• ACTION ITEM
Where does "finType" appear in the data? Return each line that holds it.

(SUPPLIED MATERIAL Opens)

Lemma ceil_log2_exponents_le (C : R) (d k : nat) : 16 <= C -> (1 < k)%N -> (2 ^ d.-1 < k)%N ->
  INR d.+1 <= C * ln (INR k) /\ INR (2 * 2 * d) <= C * ln (INR k).
Proof.
move=> C_ge /leP/le_INR k_ge2 /ltP/lt_INR; rewrite INR_expn => lt_k.
have {}k_ge2 : 2 <= INR k by move: k_ge2 => /=; lra.
have ln2 := ln_lt_2.
have ln_k : ln 2 <= ln (INR k).
  by case: (Req_dec (INR k) 2) => [-> | ne]; [lra | left; apply: ln_increasing; lra].
have : INR d.-1 * ln 2 < ln (INR k).
  by rewrite -ln_pow; [apply: ln_increasing => //; apply: pow_lt|]; lra.
have : INR d <= INR d.-1 + 1 by case: d {lt_k} => [|d]; rewrite ?S_INR /=; lra.
have := pos_INR d.-1.
have : 0 <= (C - 16) * ln (INR k) by apply: Rmult_le_pos; lra.
rewrite S_INR !mult_INR /=; split; nra.
Qed.

End RealBounds.

Lemma ex_least_pred (P : pred nat) (m : nat) :
  P m -> ~~ P 0 -> exists2 m, P m & ~~ P m.-1.
Proof.
move=> Pm notP0; have ex_P : exists m, P m by exists m.
case: (ex_minnP ex_P) => {Pm}m Pm min_m; exists m => //.
case: m Pm min_m => [|m] Pm min_m; first by rewrite Pm in notP0.
by apply/negP => /min_m; rewrite ltnn.
Qed.

Lemma ceil_root_exists d k : 0 < d -> 0 < k -> exists2 t, k <= t ^ d & t.-1 ^ d < k.
Proof.
move=> d_pos k_pos; have k_le : k <= k ^ d by rewrite -{1}(expn1 k) leq_pexp2l.
have [|t le_k] := ex_least_pred (P := fun t => k <= t ^ d) k_le; first by rewrite exp0n // -ltnNge.
by rewrite -ltnNge; exists t.
Qed.

Lemma ceil_log2_exists k : 1 < k -> exists2 d, k <= 2 ^ d & 2 ^ d.-1 < k.
Proof.
move=> k_gt1; have k_le : k <= 2 ^ k by rewrite ltnW // ltn_expl.
have [|d le_k] := ex_least_pred (P := fun d => k <= 2 ^ d) k_le; first by rewrite -ltnNge.
by rewrite -ltnNge; exists d.
Qed.

Definition quant (T : Type) (pol : bool) (p : pred T) (s : seq T) : bool :=
  if pol then has p s else all p s.

Lemma eq_quant (T : Type) pol (p1 p2 : pred T) : p1 =1 p2 -> quant pol p1 =1 quant pol p2.
Proof. by move=> eq_p s; case: pol; [apply: eq_has | apply: eq_all]. Qed.

Lemma quant_map (T U : Type) pol (p : pred U) (f : T -> U) s :
  quant pol p (map f s) = quant pol (fun y => p (f y)) s.
Proof. by case: pol; rewrite /quant (has_map, all_map). Qed.

Lemma quant_flatten (T : Type) pol (p : pred T) ss :
  quant pol p (flatten ss) = quant pol (quant pol p) ss.
Proof. by case: pol; elim: ss => //= s ss IH; rewrite /quant (has_cat, all_cat) -IH. Qed.

Lemma quant_negb_eq (T : Type) pol (p : pred T) s :
  quant (~~ pol) (fun y => p y == pol) s = (all p s == pol).
Proof.
case: pol; rewrite /quant /=.
  by rewrite eqb_id; apply: eq_all => y; rewrite eqb_id.
by rewrite eqbF_neg -has_predC; apply: eq_has => y; rewrite eqbF_neg.
Qed.

Lemma quant_filter_unique (T : finType) pol (P : pred T) (c0 : T) :
  quant pol (fun c => (c == c0) == pol) [seq c <- enum T | P c == pol] = P c0.
Proof.
case: pol; rewrite /quant.
  rewrite (eq_has (a2 := pred1 c0)) => [|c]; last by rewrite eqb_id.
  by rewrite has_pred1 mem_filter mem_enum eqb_id; case: (P c0).
rewrite (eq_all (a2 := predC (pred1 c0))) => [|c]; last by rewrite eqbF_neg.
by rewrite all_predC has_pred1 mem_filter mem_enum eqbF_neg; case: (P c0).
Qed.

Lemma Permutation_perm_eq (T : eqType) (s1 s2 : seq T) : perm_eq s1 s2 -> Permutation s1 s2.
Proof.
elim: s1 s2 => [|x s1 IH] s2; first by rewrite perm_sym => /perm_nilP ->.
move=> eq_s; have x_s2 : x \in s2 by rewrite -(perm_mem eq_s) mem_head.
move: eq_s; case/splitPr: x_s2 => s3 s4 eq_s; apply: Permutation_cons_app; apply: IH.
rewrite -(perm_cons x); apply: (perm_trans eq_s).
by rewrite -cat1s perm_catCA.
Qed.

Lemma perm_map_enum (T : finType) (h : T -> T) : injective h -> perm_eq (map h (enum T)) (enum T).
Proof.
move=> h_inj; have [h' hK h'K] := injF_bij h_inj.
apply: uniq_perm; [by rewrite map_inj_uniq // enum_uniq | exact: enum_uniq | move=> c].
by rewrite mem_enum; apply/mapP; exists (h' c); rewrite ?mem_enum ?h'K.
Qed.

Lemma List_mapE (T U : Type) (f : T -> U) (s : seq T) : List.map f s = map f s.
Proof. by elim: s => //= y s ->. Qed.

Lemma sumn_map_le (T : Type) (f : T -> nat) (B : nat) (s : seq T) :
  (forall y, f y <= B) -> sumn (map f s) <= size s * B.
Proof. by move=> f_le; elim: s => //= y s IH; rewrite mulSn leq_add. Qed.

Section Formulas.
Variable V : Type.
Implicit Types (x : V -> bool) (F : formula V) (L : seq (formula V)).

Definition pgate (pol : bool) : gate := if pol then GOr else GAnd.

Lemma eval_pgate x pol L : eval x (FGate (pgate pol) L) = quant pol (eval x) L.
Proof. by case: pol; elim: L => //= F L ->. Qed.

Lemma fsize_gate g L : fsize (FGate g L) = sumn (map fsize L).
Proof. by elim: L => //= F L ->. Qed.

Lemma fdepth_gate_le g L D : all (fun F => fdepth F <= D) L -> fdepth (FGate g L) <= D.+1.
Proof.
elim: L => //= F L IH /andP[F_le /IH]; rewrite /= !addn1 !ltnS => L_le.
by rewrite geq_max F_le.
Qed.

Lemma relabel_gate (p : V -> V) g L : relabel p (FGate g L) = FGate g (map (relabel p) L).
Proof. by rewrite /= List_mapE. Qed.

Definition equiv_children L1 L2 := exists L, Permutation L2 L /\ Forall2 tree_equiv L1 L.

Lemma tree_equiv_gate g L1 L2 : equiv_children L1 L2 -> tree_equiv (FGate g L1) (FGate g L2).
Proof. by move=> [L [perm_L eq_L]]; apply: te_gate perm_L eq_L. Qed.

Lemma equiv_children1 F1 F2 : tree_equiv F1 F2 -> equiv_children [:: F1] [:: F2].
Proof. by exists [:: F2]; split; constructor. Qed.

(SUPPLIED MATERIAL Closes)

• ANSWER SPACE
Lemma quant_filter_unique (T : finType) pol (P : pred T) (c0 : T) :
Lemma perm_map_enum (T : finType) (h : T -> T) : injective h -> perm_eq (map h (enum T)) (enum T).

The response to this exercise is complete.